(* elements of the free commutative monoid N a + N b + N c *)
Definition triple := (nat * nat * nat)%type.
Definition tadd (x y : triple) : triple :=
  (x.1.1 + y.1.1, x.1.2 + y.1.2, x.2 + y.2)%N.
Definition t0 : triple := (0, 0, 0)%N.

Definition gstep (p q r : nat) (x y : triple) : Prop :=
  exists l : triple, x = tadd l (p, q, 0%N) /\ y = tadd l (0%N, 0%N, r).

(* the congruence generated by the relation (it is the equivalence closure,
   which is automatically compatible with addition since gstep is) *)
Definition tcong (p q r : nat) : triple -> triple -> Prop :=
  clos_refl_sym_trans triple (gstep p q r).

(* elements of Lambda^{p,q,r} are congruence classes *)
Definition cls (p q r : nat) (x : triple) : set triple := [set y | tcong p q r x y].
Definition isElt (p q r : nat) (S : set triple) : Prop := exists x, S = cls p q r x.
Definition zeroL (p q r : nat) : set triple := cls p q r t0.

(* lambda <= mu iff exists nu, lambda + nu = mu (addition of classes = class of sums) *)
Definition leL (p q r : nat) (S T : set triple) : Prop :=
  exists x y v : triple,
    [/\ S = cls p q r x, T = cls p q r y & tcong p q r (tadd x v) y].
Definition ltL (p q r : nat) (S T : set triple) : Prop := leL p q r S T /\ S <> T.

Definition posL (p q r : nat) (S : set triple) : Prop := isElt p q r S /\ S <> zeroL p q r.

Definition intervalL (p q r : nat) (lam : set triple) : set (set triple) :=
  [set S | [/\ isElt p q r S, ltL p q r (zeroL p q r) S & ltL p q r S lam]].

(* |P| : points are finitely supported nonnegative weight functions on P with
   total weight 1 whose support is a chain; topology = subspace of the product
   topology on E -> R (for finite P this is the usual topology). *)
Definition realization (E : choiceType) (lt : E -> E -> Prop) (P : set E)
  : set {ptws E -> RR} :=
  [set f : {ptws E -> RR} |
    [/\ (forall x, 0 <= f x),
        (forall x, f x != 0 -> P x),
        finite_set [set x | f x != 0],
        (\sum_(x \in [set x | f x != 0]) f x)%R = 1 &
        (forall x y, f x != 0 -> f y != 0 -> [\/ x = y, lt x y | lt y x])]].

Definition Frob (p q r : nat) (lam : set triple) : set {ptws set triple -> RR} :=
  realization (ltL p q r) (intervalL p q r lam).

Definition homotopic_in {T U : topologicalType} (A : set T) (B : set U)
  (f g : T -> U) : Prop :=
  exists H : RR * T -> U,
    [/\ {within [set tx : RR * T | (0 <= tx.1 <= 1)%R /\ A tx.2], continuous H},
        (forall t x, (0 <= t <= 1)%R -> A x -> B (H (t, x))),
        (forall x, A x -> H (0%R, x) = f x) &
        (forall x, A x -> H (1%R, x) = g x)].

Definition htpy_equiv {T U : topologicalType} (A : set T) (B : set U) : Prop :=
  exists (f : T -> U) (g : U -> T),
    [/\ {within A, continuous f}, (forall x, A x -> B (f x)),
        {within B, continuous g} & (forall y, B y -> A (g y))] /\
    homotopic_in A A (g \o f) id /\ homotopic_in B B (f \o g) id.

Definition pt : set RR := [set 0%R].

(* tau^p_q (m p + n) = m q + min(n, q-1) *)
Definition tau (p q m : nat) : nat := ((m %/ p) * q + minn (m %% p) q.-1)%N.

Definition Trep (p q r s t u : nat) (x : triple) : triple :=
  (tau p s x.1.1, tau q t x.1.2, tau r u x.2).

Definition Tmap (p q r s t u : nat) (S : set triple) : set triple :=
  [set z | exists x, S x /\ tcong s t u (Trep p q r s t u x) z].

From Stdlib Require Import Relation_Operators.
From mathcomp Require Import all_boot all_order all_algebra.
From mathcomp Require Import all_classical all_reals all_analysis.
From mathcomp Require Import Rstruct Rstruct_topology.
From mathcomp Require Import lra zify.
Set Implicit Arguments. Unset Strict Implicit. Unset Printing Implicit Defensive.
Import Order.TTheory GRing.Theory Num.Theory.
Local Open Scope classical_set_scope.
Local Open Scope ring_scope.

(* The weight a, b |-> r, c |-> p + q grades Λ^{p,q,r}, so every interval
   (0, λ) is a finite poset on which the weight is a strictly monotone height.
   For admissible (s, t, u), T = T^{p,q,r}_{s,t,u} and T' = T^{s,t,u}_{p,q,r}
   are monotone with T ∘ T' = id and T' ∘ T ≤ id.  If T'Tλ = λ they restrict
   to maps between (0, λ) and (0, Tλ), and a monotone map below the identity is
   homotopic to it on the order complex, so the realizations are homotopy
   equivalent.  Otherwise c = T'Tλ lies in (0, λ) and x ≥ T'Tx ≤ c on (0, λ),
   a conical contraction onto c.  All homotopies are explicit in barycentric
   coordinates: the mass of each vertex x flows to T'Tx one height level at a
   time, so supports stay chains. *)

Lemma ptws_continuous (X : topologicalType) (E : Type) (F : X -> {ptws E -> RR}) :
  (forall y, continuous (fun x => F x y)) -> continuous F.
Proof.
move=> hF x; apply/cvg_sup => y.
exact: (@continuous_comp_initial _ X _ (fun f : E -> RR => f y) F (hF y)).
Qed.

Lemma ptws_eval_continuous (E : choiceType) (y : E) :
  continuous (fun f : {ptws E -> RR} => f y).
Proof. exact: (@proj_continuous E (fun _ => RR) y). Qed.

Section RealContinuity.
Variable X : topologicalType.
Implicit Types f g : X -> RR.

Lemma continuous_addR f g :
  continuous f -> continuous g -> continuous (fun x => f x + g x).
Proof. by move=> hf hg x; apply: (@continuousD _ RR^o X f g x (hf x) (hg x)). Qed.

Lemma continuous_subR f g :
  continuous f -> continuous g -> continuous (fun x => f x - g x).
Proof. by move=> hf hg x; apply: (@continuousB _ RR^o X f g x (hf x) (hg x)). Qed.

Lemma continuous_mulR f g :
  continuous f -> continuous g -> continuous (fun x => f x * g x).
Proof. by move=> hf hg x; exact: cvgM (hf x) (hg x). Qed.

Lemma continuous_sumR (I : Type) (s : seq I) (F : I -> X -> RR) :
  (forall i, continuous (F i)) -> continuous (fun x => \sum_(i <- s) F i x).
Proof.
move=> hF; elim: s => [|i s IH].
  under eq_fun do rewrite big_nil; exact: cst_continuous.
under eq_fun do rewrite big_cons; exact: continuous_addR.
Qed.

End RealContinuity.

Definition clamp (z : RR) : RR := (`|z| - `|z - 1| + 1) / 2.

Lemma clampE z : clamp z = if z <= 0 then 0 else if 1 <= z then 1 else z.
Proof.
rewrite /clamp; case: (lerP z 0) => h0.
  have h1 : z - 1 <= 0 by lra.
  have := ler0_norm h0; have := ler0_norm h1; lra.
have := gtr0_norm h0; case: (lerP 1 z) => h1.
  have h2 : 0 <= z - 1 by lra.
  have := ger0_norm h2; lra.
have h2 : z - 1 < 0 by lra.
have := ltr0_norm h2; lra.
Qed.

Lemma clamp_continuous : continuous clamp.
Proof.
have id_cont : continuous (fun z : RR => z) by move=> ?; exact: cvg_id.
apply: continuous_mulR; last exact: cst_continuous.
apply: continuous_addR; last exact: cst_continuous.
have norm_cont (f : RR -> RR) : continuous f -> continuous (fun z => `|f z|).
  move=> hf z; apply: (@continuous_comp _ _ _ f (Num.norm : RR^o -> RR)); first exact: hf.
  exact: (@norm_continuous _ RR^o).
apply: continuous_subR; apply: norm_cont => //.
by apply: continuous_subR => //; exact: cst_continuous.
Qed.

Ltac clamp_lra := rewrite clampE; repeat (case: ifPn; rewrite -?ltNge => ?); lra.

Lemma clamp_itv z : 0 <= clamp z <= 1.
Proof. by apply/andP; split; clamp_lra. Qed.

Lemma clamp0 z : z <= 0 -> clamp z = 0.
Proof. by move=> ?; clamp_lra. Qed.

Lemma clamp1 z : 1 <= z -> clamp z = 1.
Proof. by move=> ?; clamp_lra. Qed.

Lemma clamp_neq0 z : clamp z != 0 -> 0 < z.
Proof. by apply: contraR; rewrite -leNgt => /clamp0 ->. Qed.

Lemma clamp_neq1 z : clamp z != 1 -> z < 1.
Proof. by apply: contraR; rewrite -leNgt => /clamp1 ->. Qed.

Lemma continuous_affine (k b : RR) : continuous (fun t : RR => k * t + b).
Proof.
apply: continuous_addR; last exact: cst_continuous.
by apply: continuous_mulR; [exact: cst_continuous | move=> ?; exact: cvg_id].
Qed.

Lemma homotopic_in_refl (T : topologicalType) (A : set T) : homotopic_in A A id id.
Proof.
exists (fun tx : RR * T => tx.2); split=> //.
by apply: continuous_subspaceT => -[? ?]; exact: cvg_snd.
Qed.

Lemma eq_homotopic_in (T U : topologicalType) (A : set T) (B : set U) (f f' g : T -> U) :
  homotopic_in A B f g -> (forall x, A x -> f x = f' x) -> homotopic_in A B f' g.
Proof. by move=> [H [Hc HB H0 H1]] ff'; exists H; split=> // x Ax; rewrite H0 // ff'. Qed.

(** * Realizations of finite posets and maps between them *)

Definition comparable_of (E : Type) (lt : E -> E -> Prop) (x y : E) : Prop :=
  [\/ x = y, lt x y | lt y x].

Definition le_of (E : Type) (lt : E -> E -> Prop) (x y : E) : Prop := x = y \/ lt x y.

Lemma comparable_of_refl (E : Type) (lt : E -> E -> Prop) x : comparable_of lt x x.
Proof. exact: Or31. Qed.

Lemma comparable_of_sym (E : Type) (lt : E -> E -> Prop) x y :
  comparable_of lt x y -> comparable_of lt y x.
Proof. by case=> h; [apply: Or31 | apply: Or33 | apply: Or32]. Qed.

*WHAT YOU ARE ASKED TO DO*
Line count for the word "Open": please state how many lines of the records above contain it, and nothing else.

*SOLUTION TO THIS EXERCISE*
2